Sardegna ancora rovente, oltre 45 gradi nel Nuorese
Oltre 45 gradi a Orani, e 42,4 a Ottana, dove la macchina regionale antincendi sta cercando di avere la meglio su un vasto incendio che ha raggiunto la zona industriale. Il Nuorese e, in generale, l'interno della Sardegna, si conferma tra le zone più roventi d'Italia, in questi giorni da bollino rosso. I dati sono stati diffusi alle 17 dalla rete delle stazioni dell'Agenzia regionale per la protezione dell'Ambiente. Non mancano punte sopra i 40 gradi nell'Oristanese, in Gallura e nel Sulcis. In vari territori, secondo i dati di Sardegna Clima, si registrano notti tropicali con temperature al di sopra dei 23 gradi ed escursioni termine tra le minime e le massime con punte di 20-21 gradi.
Bonelli (Avs): "Meloni continua a non proferire una parola sulla crisi climatica"

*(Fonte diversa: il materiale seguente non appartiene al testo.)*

(* Let $\mathbf{C}=\mathbf{C}_1\,\dot\cup\,\mathbf{C}_2$ and $\mathbf{B}=\mathbf{B}_+\,\dot\cup\,\mathbf{B}'\in\dot{\mathbb{P}}(\mathbb{L}(\mathbf{C}_1))$ with $|\mathbf{B}|=|\mathbf{C}_1|$, and suppose every $L\in\mathbf{B}_+$ has a positive monotonic effect on $D$ relative to $\mathbf{C}$. If for some tree $\mathfrak{T}$ on $\mathbf{B}_+$, some $\omega^*\in\Omega$ and some values $\mathbf{c}_2$ of $\mathbf{C}_2$, $$D_{\mathbf{B}=\mathbf{1},\mathbf{C}_2=\mathbf{c}_2}(\omega^* )-\sum_{L\in\mathbf{B}}D_{\mathbf{B}\setminus\{L\}=\mathbf{1},L=0,\mathbf{C}_2=\mathbf{c}_2}(\omega^* )+\sum_{\mathbf{E}\in\mathfrak{T}}D_{\mathbf{B}\setminus\mathbf{E}=\mathbf{1},\mathbf{E}=\mathbf{0},\mathbf{C}_2=\mathbf{c}_2}(\omega^* )>0,$$ then $\mathbf{B}$ is irreducible for $\mathcal{D}(\mathbf{C},\Omega)$.
   Context: Events are binary random variables on a population $\Omega$; $\overline{X}=1-X$; $\mathbb{L}(\mathbf{C})=\mathbf{C}\cup\{\overline{X}:X\in\mathbf{C}\}$; $\dot{\mathbb{P}}(\mathbb{L}(\mathbf{C}))$ is the set of subsets of $\mathbb{L}(\mathbf{C})$ not containing both $X$ and $\overline{X}$; $(L)_{\mathbf{c}}$ is the value of literal $L$ under assignment $\mathbf{c}$; $\bigwedge(\mathbf{B})=\min_{L\in\mathbf{B}}L$. Potential outcomes $\mathcal{D}(\mathbf{C},\Omega)$: $D_{\mathbf{c}}(\omega)\in\{0,1\}$ for all $\omega$, $\mathbf{c}$. Since $|\mathbf{B}|=|\mathbf{C}_1|$, setting the literals of $\mathbf{B}$ determines an assignment to $\mathbf{C}_1$; e.g. $D_{\mathbf{B}\setminus\mathbf{E}=\mathbf{1},\mathbf{E}=\mathbf{0},\mathbf{C}_2=\mathbf{c}_2}$ sets the literals in $\mathbf{E}$ to 0, the other literals of $\mathbf{B}$ to 1 and $\mathbf{C}_2$ to $\mathbf{c}_2$. A literal $L\in\mathbb{L}(\mathbf{C})$ has a positive monotonic effect on $D$ relative to $\mathbf{C}$ if for all $\omega$ and all pairs of assignments $\mathbf{c},\mathbf{c}'$ differing only in the variable underlying $L$, with $(L)_{\mathbf{c}}=1$ and $(L)_{\mathbf{c}'}=0$, one has $D_{\mathbf{c}}(\omega)\ge D_{\mathbf{c}'}(\omega)$. A tree on a finite set $\mathbf{S}$ is a set $\mathfrak{T}$ of 2-element subsets (edges) of $\mathbf{S}$ with $|\mathfrak{T}|=|\mathbf{S}|-1$ such that every two distinct elements of $\mathbf{S}$ are joined by a path of edges (when $|\mathbf{B}_+|\le1$ the tree is empty). A sufficient cause representation $(\mathbf{A},\mathfrak{B})$ for $\mathcal{D}(\mathbf{C},\Omega)$ is a tuple $\mathbf{A}=\langle A_1,\dots,A_p\rangle$ of binary random variables on $\Omega$ unaffected by interventions on $\mathbf{C}$ and $\mathfrak{B}=\langle\mathbf{B}_1,\dots,\mathbf{B}_p\rangle$, $\mathbf{B}_i\in\dot{\mathbb{P}}(\mathbb{L}(\mathbf{C}))$, with: $D_{\mathbf{c}}(\omega)=1$ iff some $j$ has $A_j(\omega)=1$ and $(\bigwedge(\mathbf{B}_j))_{\mathbf{c}}=1$. $\mathbf{B}$ is irreducible for $\mathcal{D}(\mathbf{C},\Omega)$ if in every such representation some $\mathbf{B}_i\supseteq\mathbf{B}$. *)

From HB Require Import structures.
From mathcomp Require Import all_boot all_order all_algebra.
Set Implicit Arguments. Unset Strict Implicit. Unset Printing Implicit Defensive.
Import Order.TTheory GRing.Theory Num.Theory.
Lemma Wfam_formula th : Wfam th = Wformula (rho th).
Proof.
  unfold Wfam. rewrite (Willmore_const_density _ _ _ _ _ (willmore_density_ytheta th)).
  rewrite rho_dety. unfold Wformula.
  pose proof (dety_pos th) as Hd. pose proof (sqrt_lt_R0 _ Hd) as Hq.
  pose proof (sqrt_sqrt _ (Rlt_le _ _ Hd)) as Hqq.
  set (q := sqrt (dety th)) in *. rewrite <- Hqq. field. lra.
Qed.

Lemma rho_bounds th : sqrt 2 <= rho th <= sqrt 3.
Proof.
  unfold rho. pose proof (sin2_cos2 (2 * th)) as Hsc. unfold Rsqr in Hsc.
  pose proof (pow2_ge_0 (sin (2 * th))). pose proof (pow2_ge_0 (cos (2 * th))).
  split; apply sqrt_le_1_alt; simpl in *; lra.
Qed.

Lemma rho_pos th : 0 < rho th.
Proof. pose proof (rho_bounds th). pose proof (sqrt_lt_R0 2 ltac:(lra)). lra. Qed.

Lemma rho_PI4 : rho (PI / 4) = sqrt 3.
Proof.
  unfold rho. replace (2 * (PI / 4)) with (PI / 2) by field. rewrite sin_PI2. f_equal. ring.
Qed.

Lemma Wformula_lt r1 r2 : 0 < r1 -> r1 < r2 -> r1 * r2 <= 9 / 2 -> Wformula r1 < Wformula r2.
Proof.
  intros H1 H12 Hp. unfold Wformula. apply Rmult_lt_compat_l.
  { pose proof PI_RGT_0. nra. }
  assert (Hk : 2 / r2 - 3 / r2 ^ 3 - (2 / r1 - 3 / r1 ^ 3) =
    (r2 - r1) * (3 * (r1 * r1 + r1 * r2 + r2 * r2) - 2 * (r1 * r2) * (r1 * r2)) / (r1 ^ 3 * r2 ^ 3))
    by (field; lra).
  enough (0 < (r2 - r1) * (3 * (r1 * r1 + r1 * r2 + r2 * r2) - 2 * (r1 * r2) * (r1 * r2))
              / (r1 ^ 3 * r2 ^ 3)) by lra.
  assert (0 < r1 * r2) by nra.
  assert (2 * (r1 * r2) * (r1 * r2) <= 9 * (r1 * r2)) by nra.
  assert (9 * (r1 * r2) < 3 * (r1 * r1 + r1 * r2 + r2 * r2)) by nra.
  apply Rdiv_lt_0_compat; [apply Rmult_lt_0_compat; lra | apply Rmult_lt_0_compat; apply pow_lt; lra].
Qed.
Lemma G_double_lift (T : finType) (e : rel T) (f : V -> T) keep link :
  fin_conn_graph e -> conf_epi_top E e f ->
  (forall i, symmetric (keep i)) -> (forall i, reflexive (keep i)) ->
  (forall i p q, e p q -> keep i p q || link p && keep (~~ i) p q) ->
  (exists p, link p) ->
  exists h : V -> T * bool, conf_epi_top E (double e keep link) h /\ f = fst \o h.
Proof.
move=> econn fconf ksym krefl kcov link0; have [_ _ amalg _] := hG.
apply: (amalg _ _ e (double e keep link) f fst econn) fconf _.
  exact: double_fin_conn.
exact: double_conf.
Qed.

Lemma G_rel_trans x y z : E x y -> E y z -> E x z.
Proof.
have [_ _ cE _ _] := G_top_graph.
move=> Exy Eyz; apply: contrapT => nExz.
have [T [e [f [econn fconf [eps far ffib]]]]] := G_fine_map (not_rel_near cE nExz).
have [[_ e_refl esym _] [_ [fE _ fEsurj] _]] := (econn, fconf).
set a := f x; set b := f y; set c := f z.
have nEac : ~~ e a c.
  apply/negP => /fEsurj[p [q [Epq fp fq]]].
  by apply: (far p q) Epq; apply: ffib; rewrite ?fp ?fq.
have ab : a != b by apply: contraNneq nEac => ->; exact: fE.
have bc : b != c by apply: contraNneq nEac => <-; exact: fE.
have ac : a != c by apply: contraNneq nEac => ->; exact: e_refl.
pose keep (i : bool) p q := (p == q) || (p != if i then a else c) && (q != if i then a else c).
have ksym i : symmetric (keep i) by move=> p q; rewrite /keep eq_sym andbC.
have krefl i : reflexive (keep i) by move=> p; rewrite /keep eqxx.
have kcov i p q : e p q -> keep i p q || predT p && keep (~~ i) p q.
  move=> epq; suff : keep true p q || keep false p q by case: i => //=; rewrite orbC.
  rewrite /keep; case: eqP => //= _; apply: contraLR epq.
  rewrite negb_or !negb_and !negbK => /andP[/orP[/eqP-> | /eqP->]] /orP[/eqP|/eqP].
  - by move/eqP: ac.
  - by move=> ->.
  - by move=> ->; rewrite esym.
  - by move: ac => /[swap] ->; rewrite eqxx.
have [h [[_ [hE _ _] _] fh]] := G_double_lift econn fconf ksym krefl kcov (ex_intro _ a isT).
have hfst w : (h w).1 = f w by rewrite fh.
have := double_edge_layer (hE _ _ Exy); rewrite !hfst => /(_ ab)[ixy].
have := double_edge_layer (hE _ _ Eyz); rewrite !hfst => /(_ bc)[_].
rewrite -ixy -/a -/b -/c /keep (negPf ab) (negPf bc).
by case: (h x).2; rewrite /= eqxx ?andbF.
Qed.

'Mentre l'Italia continua a essere nella morsa del caldo, con giugno che è stato il mese più caldo mai registrato in Europa occidentale e con il Mar Mediterraneo che sta raggiungendo temperature fuori scala, con aree marine fino a 6 gradi sopra la media degli ultimi quarant'anni, la Presidente del Consiglio Giorgia Meloni continua a non proferire una parola sulla crisi climatica. Un silenzio e un'inazione gravi e incomprensibili. Anzi in parlamento la destra vuole approvare la legge che consente di cacciare nei parchi e a dieci specie protette." Ad affermarlo è Angelo Bonelli, deputato AVS e co-portavoce di Europa Verde che prosegue: "Intanto la desertificazione sta mettendo in discussione la possibilità di continuare a coltivare la terra, soprattutto nel Mezzogiorno. In Italia il 21% del territorio è a rischio desertificazione, mentre in Sicilia la percentuale supera il 60%. Una situazione aggravata dalla profonda crisi idrica che sta vivendo il nostro Paese, basti pensare che Il 42% dell'acqua potabile va perso a causa di acquedotti fatiscenti: 3,4 miliardi di metri cubi all'anno, sufficienti a soddisfare il fabbisogno di 43 milioni di persone'. 'Va dichiarato subito lo stato di emergenza nazionale, un piano di adattamento climatico che sia finanziato, investimenti veri nelle reti idriche che allo stato attuale continuano a perdere quasi la metà dell'acqua. Aspettiamo che la presidente del consiglio affronti le vere emergenze dell'Italia che non è la legge elettorale." conclude Bonelli.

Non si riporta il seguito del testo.